##### SUPPLIED MATERIAL

Lemma path_prefix (T : eqType) (e : rel T) x p z :
  path e x p -> uniq (x :: p) -> z \in x :: p ->
  exists r, [/\ path e x r, uniq (x :: r), last x r = z & {subset r <= p}].
Proof.
move=> pxp uxp; rewrite in_cons => /predU1P [->|zp]; first by exists [::].
case/path.splitP: zp pxp uxp => p1 p2; rewrite -cat_cons cat_path cat_uniq.
case/andP=> pxp1 _ /andP[uxp1 _].
by exists (rcons p1 z); split=> //; [rewrite last_rcons | move=> y yp1; rewrite mem_cat yp1].
Qed.

Section OneSide.

Variables (T : eqType) (e lt : rel T) (c : T -> bool).
Hypotheses (sym_e : symmetric e) (ltT : transitive lt)
  (lt_total : forall x y, x != y -> lt x y || lt y x)
  (SC : strongly_consistent_ord e lt c).

Lemma sc_left r s t : lt r s -> lt s t -> e r t -> ~~ e s t -> c r != c s.
Proof. by move=> lrs lst ert; apply: contraNneq => /(SC lrs lst ert).1. Qed.

Lemma sc_right r s t : lt r s -> lt s t -> e r t -> ~~ e r s -> c s != c t.
Proof. by move=> lrs lst ert; apply: contraNneq => /(SC lrs lst ert).2. Qed.

Lemma left_neighbours_class v p q :
  p != q -> e v p -> e v q -> ~~ e p q -> lt p v -> lt q v ->
  c p = c v -> c q = c v -> False.
Proof.
move=> pq evp evq npq lpv lqv cp cq.
have [epv eqv] : e p v /\ e q v by rewrite !(sym_e _ v).
case/orP: (lt_total pq) => [lpq | lqp].
- by move: (sc_right lpq lqv epv npq); rewrite cq eqxx.
by move: (sc_right lqp lpv eqv); rewrite sym_e cp eqxx => /(_ npq).
Qed.

Lemma right_neighbour_class v a b u :
  lt a v -> lt v b -> e a b -> ~~ e v b ->
  e v u -> lt v u -> ~~ e u b -> c u = c v.
Proof.
move=> lav lvb eab nvb evu lvu nub.
have cav : c a != c v := sc_left lav lvb eab nvb.
have ub : u != b by apply: contraNneq nvb => <-.
case/orP: (lt_total ub) => [lub | lbu].
  by apply: neqb_trans cav; rewrite eq_sym (sc_left (ltT lav lvu) lub eab nub).
have nbu : ~~ e b u by rewrite sym_e.
apply: (neqb_trans (y := c b)); first by rewrite eq_sym (sc_right lvb lbu evu nvb).
by rewrite eq_sym (sc_left lvb lbu evu nbu).
Qed.

Lemma fork_left_neighbour_class v w x b u :
  lt w v -> lt v b -> e w b -> ~~ e v b -> e w x -> lt x v -> ~~ e v x ->
  e v u -> lt u v -> u != w -> ~~ e u x -> ~~ e u b -> c u = c v.
Proof.
move=> lwv lvb ewb nvb ewx lxv nvx evu luv uw nux nub.
have cwv : c w != c v := sc_left lwv lvb ewb nvb.
case/orP: (lt_total uw) => [luw | lwu]; last first.
  by apply: neqb_trans cwv; rewrite eq_sym (sc_left lwu (ltT luv lvb) ewb nub).
have ux : u != x by apply: contraNneq nvx => <-.
have [euv exw] : e u v /\ e x w by rewrite sym_e (sym_e x).
have [nxu nxv] : ~~ e x u /\ ~~ e x v by rewrite sym_e (sym_e x).
case/orP: (lt_total ux) => [lux | lxu].
  exact: neqb_trans (sc_left lux lxv euv nxv) (sc_right lux lxv euv nux).
exact: neqb_trans (sc_right lxu luw exw nxu) cwv.
Qed.

End OneSide.

Section TwoSides.

Variables (T : eqType) (e lt : rel T) (c : T -> bool).
Hypotheses (sym_e : symmetric e) (irr_e : irreflexive e)
  (ltNr : irreflexive lt) (ltT : transitive lt)
  (lt_total : forall x y, x != y -> lt x y || lt y x)
  (SC : strongly_consistent_ord e lt c).

Let gtT : transitive (fun x y => lt y x).
Proof. by move=> y x z lyx lzy; apply: ltT lzy lyx. Qed.

Let gt_total x y : x != y -> lt y x || lt x y.
Proof. by rewrite orbC; apply: lt_total. Qed.

Let SCgt : strongly_consistent_ord e (fun x y => lt y x) c.
Proof. exact: strongly_consistent_ord_flip. Qed.

Let neighbour_neq v u : e v u -> u != v.
Proof. by apply: contraTneq => ->; rewrite irr_e. Qed.

Let nlt_lt v u : u != v -> ~~ lt u v -> lt v u.
Proof. by case/lt_total/orP=> [->|]. Qed.

Lemma same_side_neighbours_class v p q :
  p != q -> e v p -> e v q -> ~~ e p q -> lt p v = lt q v ->
  c p = c v -> c q = c v -> False.
Proof.
move=> pq evp evq npq same.
case lpv: (lt p v); move: same; rewrite lpv => /esym lqv.
  exact: (left_neighbours_class sym_e lt_total SC pq evp evq npq lpv lqv).
apply: (left_neighbours_class sym_e gt_total SCgt pq evp evq npq).
  by rewrite nlt_lt ?neighbour_neq ?lpv.
by rewrite nlt_lt ?neighbour_neq ?lqv.
Qed.

Lemma three_neighbours_class v u1 u2 u3 :
  u1 != u2 -> u1 != u3 -> u2 != u3 -> e v u1 -> e v u2 -> e v u3 ->
  ~~ e u1 u2 -> ~~ e u1 u3 -> ~~ e u2 u3 ->
  c u1 = c v -> c u2 = c v -> c u3 = c v -> False.
Proof.
move=> n12 n13 n23 e1 e2 e3 ne12 ne13 ne23 c1 c2 c3.
have : [|| lt u1 v == lt u2 v, lt u1 v == lt u3 v | lt u2 v == lt u3 v].
  by case: (lt u1 v); case: (lt u2 v); case: (lt u3 v).
case/or3P=> /eqP same; first exact: same_side_neighbours_class n12 e1 e2 ne12 same c1 c2.
  exact: same_side_neighbours_class n13 e1 e3 ne13 same c1 c3.
exact: same_side_neighbours_class n23 e2 e3 ne23 same c2 c3.
Qed.

Lemma crossing_edge_neighbour_class v a b u :
  lt a v -> lt v b -> e a b -> ~~ e v a -> ~~ e v b ->
  e v u -> ~~ e u a -> ~~ e u b -> c u = c v.
Proof.
move=> lav lvb eab nva nvb evu nua nub.
have eba : e b a by rewrite sym_e.
case/orP: (lt_total (neighbour_neq evu)) => [luv | lvu].
  exact: (right_neighbour_class sym_e gtT gt_total SCgt lvb lav eba nva evu luv nua).
exact: (right_neighbour_class sym_e ltT lt_total SC lav lvb eab nvb evu lvu nub).
Qed.
(* Let $N$, $\mathfrak h$, $\alpha_i$, $\mathcal A$, $F$, $v_1,\dots,v_r$ be as in the context. Problem 1 has a solution if and only if Problem 2 has a solution.
   Context: A generalised Cartan matrix is $N=[n(i,j)]_{1\le i,j\le r}$ with $n(i,j)\in\mathbb Z$, $n(i,i)=2$, $n(i,j)\le 0$ for $i\neq j$, and $n(i,j)=0\iff n(j,i)=0$. Let $s$ be the corank of $N$, $\mathfrak h$ the complex vector space with basis $H_1,\dots,H_{r+s}$, and $\alpha_1,\dots,\alpha_r\in\mathfrak h^*$ linearly independent with $\alpha_j(H_i)=n(i,j)$ for $1\le i,j\le r$. $\mathcal A$ is a complex commutative algebra, $\mathrm{Der}(\mathcal A)$ its Lie algebra of derivations; for $a\in\mathcal A$, $D\in\mathrm{Der}(\mathcal A)$, $aD$ is $b\mapsto aD(b)$. $F:\mathfrak h\to\mathrm{Der}(\mathcal A)$ is a Lie algebra homomorphism and $v_1,\dots,v_r\in\mathcal A$ are invertible with $F(H)(v_i)=\alpha_i(H)v_i$ for all $H\in\mathfrak h$. For $\delta_1,\dots,\delta_r,\delta_{-1},\dots,\delta_{-r}\in\mathrm{Im}\,F$ put $\mathbf X_i=v_i\delta_i$, $\mathbf X_{-i}=v_i^{-1}\delta_{-i}$, $\mathbf H_a=F(H_a)$, and consider the relations: (a) $[\mathbf H_a,\mathbf H_b]=0$; (b) $[\mathbf X_i,\mathbf X_{-i}]=\mathbf H_i$ and $[\mathbf X_i,\mathbf X_{-j}]=0$ for $i\ne j$; (c) $[\mathbf H_a,\mathbf X_{\pm j}]=\pm\alpha_j(H_a)\mathbf X_{\pm j}$; (d) $\mathrm{ad}(\mathbf X_i)^{1-n(i,j)}(\mathbf X_j)=0$ for $i\ne j$; (e) $\mathrm{ad}(\mathbf X_{-i})^{1-n(i,j)}(\mathbf X_{-j})=0$ for $i\ne j$. Problem 1 has a solution if such $\delta$'s exist satisfying (a)–(e); Problem 2 has a solution if such $\delta$'s exist satisfying (a)–(c). *)

From HB Require Import structures.
From mathcomp Require Import all_boot all_order all_algebra.
From mathcomp Require Import complex.
From mathcomp Require Import reals.
Set Implicit Arguments. Unset Strict Implicit. Unset Printing Implicit Defensive.
Import Order.TTheory GRing.Theory Num.Theory.
Local Open Scope ring_scope.
Lemma BierLe_Some (S : T -> Prop) a b a' b' : S a -> S b -> (a <= b)%O ->
  BierLe S PL (Some (a', b')) (Some (a, b)) <-> (a' <= a)%O /\ (b <= b')%O.
Proof.
move=> Sa Sb le_ab /=; split => [sub | [le_a le_b] z [Sz le_az le_zb]].
  by have [_ ? _] := sub a (And3 Sa (lexx a) le_ab); have [_ _ ?] := sub b (And3 Sb le_ab (lexx b)).
by split => //; [exact: le_trans le_a le_az | exact: le_trans le_zb le_b].
Qed.

Lemma BierLeE a b a' b' : (a <= b)%O ->
  BL (Some (a', b')) (Some (a, b)) <-> (a' <= a)%O /\ (b <= b')%O.
Proof. exact: BierLe_Some. Qed.

Lemma Bier_mem x y : (x <= y)%O -> J x -> ~ J y -> B (Some (x, y)).
Proof. by []. Qed.

Lemma BL_trans o1 o2 o3 : BL o1 o2 -> BL o2 o3 -> BL o1 o3.
Proof.
case: o1 o2 o3 => [[a1 b1]|] [[a2 b2]|] [[a3 b3]|] //=.
by move=> sub12 sub23 z /sub23/sub12.
Qed.

Lemma BL_refl o : B o -> BL o o.
Proof. by case: o => [[a b]|] //= _ z. Qed.

Lemma BL_anti o1 o2 : B o1 -> B o2 -> BL o1 o2 -> BL o2 o1 -> o1 = o2.
Proof.
case: o1 o2 => [[a1 b1]|] [[a2 b2]|] //= [_ _ le1 _ _] [_ _ le2 _ _].
move=> /(BierLeE _ _ le2)[le_a12 le_b21] /(BierLeE _ _ le1)[le_a21 le_b12].
by congr (Some (_, _)); apply/le_anti; rewrite ?le_a12 ?le_a21 ?le_b12 ?le_b21.
Qed.

Lemma Bier_bot : B (Some (bot, top)).
Proof. exact: Bier_mem (le0x _) ideal_bot ideal_not_top. Qed.

Lemma Bier_bot_le o : B o -> BL (Some (bot, top)) o.
Proof. by case: o => [[a b] [_ _ le_ab _ _]|] //; apply/(BierLeE _ _ le_ab). Qed.

Lemma Bier_le_top o : B o -> BL o None.
Proof. by case: o => [[a b]|] //= _ z. Qed.

Lemma Bier_maximal_chainP x s : maximal_chain B BL x s <->
  [/\ x = Some (bot, top), last x s = None & cover_chain B BL x s].
Proof.
apply: maximal_chainP => //.
- exact: BL_trans.
- exact: BL_refl.
- exact: BL_anti.
- exact: Bier_bot.
- exact: Bier_bot_le.
- exact: Bier_le_top.
Qed.

Lemma Bier_chain_None s : chain_from B BL None s -> s = [::].
Proof. by case: s => // -[[a b]|] s []. Qed.

Lemma cover_lower e e' y : covers PS PL e e' -> J e' -> (e' <= y)%O -> ~ J y ->
  covers B BL (Some (e, y)) (Some (e', y)).
Proof.
case=> le_ee' ne_ee' _ btw Je' le_e'y nJy; split => //.
- by apply/(BierLeE _ _ le_e'y); split.
- by case.
- case=> [[a b]|] //= [_ _ le_ab _ _] /(BierLeE _ _ le_ab)[le_ea le_yb].
  move=> /(BierLeE _ _ le_e'y)[le_ae' le_by]; have <- : b = y by apply/le_anti/andP.
  by case: (btw a Logic.I le_ea le_ae') => ->; [left | right].
Qed.

Lemma cover_upper x z y : covers PS PL z y -> J x -> (x <= z)%O -> ~ J z ->
  covers B BL (Some (x, y)) (Some (x, z)).
Proof.
case=> le_zy ne_zy _ btw Jx le_xz nJz; split => //.
- by apply/(BierLeE _ _ le_xz); split.
- by case=> /esym.
- case=> [[a b]|] //= [_ _ le_ab _ _] /(BierLeE _ _ le_ab)[le_xa le_by].
  move=> /(BierLeE _ _ le_xz)[le_ax le_zb]; have <- : a = x by apply/le_anti/andP.
  by case: (btw b Logic.I le_zb le_by) => ->; [right | left].
Qed.

Lemma cover_top x y : covers PS PL x y -> J x -> ~ J y -> covers B BL (Some (x, y)) None.
Proof.
case=> le_xy ne_xy _ btw Jx nJy; split => //.
case=> [[a b] [_ _ le_ab Ja nJb]|]; last by right.
move=> /(BierLeE _ _ le_ab)[le_xa le_by] _; left.
have [-> | eq_ay] := btw a Logic.I le_xa (le_trans le_ab le_by); last by rewrite -eq_ay in nJy.
by have [eq_bx | -> //] := btw b Logic.I (le_trans le_xa le_ab) le_by; rewrite eq_bx in nJb.
Qed.

Lemma Bier_cover_top a b : B (Some (a, b)) -> covers B BL (Some (a, b)) None ->
  covers PS PL a b.
Proof.
move=> [_ _ le_ab Ja nJb] [_ _ _ btw]; split => // [eq_ab | z _ le_az le_zb].
  by rewrite eq_ab in Ja.
case: (classic (J z)) => Jz.
  have le_ab_zb : BL (Some (a, b)) (Some (z, b)) by apply/(BierLeE _ _ le_zb); split.
  by case: (btw _ (Bier_mem le_zb Jz nJb) le_ab_zb Logic.I) => [[->]|//]; left.
have le_ab_az : BL (Some (a, b)) (Some (a, z)) by apply/(BierLeE _ _ le_az); split.
by case: (btw _ (Bier_mem le_az Ja Jz) le_ab_az Logic.I) => [[->]|//]; right.
Qed.

(* Some (c, b) lies between the two intervals, so one endpoint cannot move. *)
Lemma Bier_cover_Some a b c e : B (Some (a, b)) -> covers B BL (Some (a, b)) (Some (c, e)) ->
  (a = c /\ covers PS PL e b) \/ (b = e /\ covers PS PL a c).
Proof.
move=> [_ _ le_ab Ja nJb] [le_ce_ab ne [_ _ le_ce Jc nJe] btw].
have [le_ac le_eb] := (BierLeE _ _ le_ce).1 le_ce_ab.
have le_cb := le_trans le_ce le_eb.
have [[eq_ca] | [eq_be]] : Some (c, b) = Some (a, b) \/ Some (c, b) = Some (c, e).
  apply: btw; first exact: Bier_mem le_cb Jc nJb.
  - by apply/(BierLeE _ _ le_cb).
  - by apply/(BierLeE _ _ le_ce).
- left; split => //; split => // [eq_eb | z _ le_ez le_zb].
    by apply: ne; rewrite eq_ca eq_eb.
  have le_az : (a <= z)%O by rewrite -eq_ca; exact: le_trans le_ce le_ez.
  have Baz : B (Some (a, z)) by split => // /(ideal_le le_ez).
  have le1 : BL (Some (a, b)) (Some (a, z)) by apply/(BierLeE _ _ le_az); split.
  have le2 : BL (Some (a, z)) (Some (c, e)) by apply/(BierLeE _ _ le_ce); rewrite eq_ca.
  by case: (btw _ Baz le1 le2) => [[->]|[_ ->]]; [right | left].
- right; split => //; split => // [eq_ac | z _ le_az le_zc].
    by apply: ne; rewrite eq_ac -eq_be.
  have le_zb := le_trans le_zc le_cb.
  have Bzb : B (Some (z, b)) by split => //; exact: ideal_le le_zc Jc.
  have le1 : BL (Some (a, b)) (Some (z, b)) by apply/(BierLeE _ _ le_zb); split.
  have le2 : BL (Some (z, b)) (Some (c, e)) by apply/(BierLeE _ _ le_ce); rewrite eq_be.
  by case: (btw _ Bzb le1 le2) => [[->]|[->]]; [left | right].
Qed.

##########

DESCRIPTION OF THE TASK:
In the listing above, find the line with "move=> lwv lvb" and the line with "case/orP: (lt_total ux) => [lux | lxu].", then print exactly those two lines and every line between them, and nothing more.

TASK OUTPUT:
move=> lwv lvb ewb nvb ewx lxv nvx evu luv uw nux nub.
have cwv : c w != c v := sc_left lwv lvb ewb nvb.
case/orP: (lt_total uw) => [luw | lwu]; last first.
  by apply: neqb_trans cwv; rewrite eq_sym (sc_left lwu (ltT luv lvb) ewb nub).
have ux : u != x by apply: contraNneq nvx => <-.
have [euv exw] : e u v /\ e x w by rewrite sym_e (sym_e x).
have [nxu nxv] : ~~ e x u /\ ~~ e x v by rewrite sym_e (sym_e x).
case/orP: (lt_total ux) => [lux | lxu].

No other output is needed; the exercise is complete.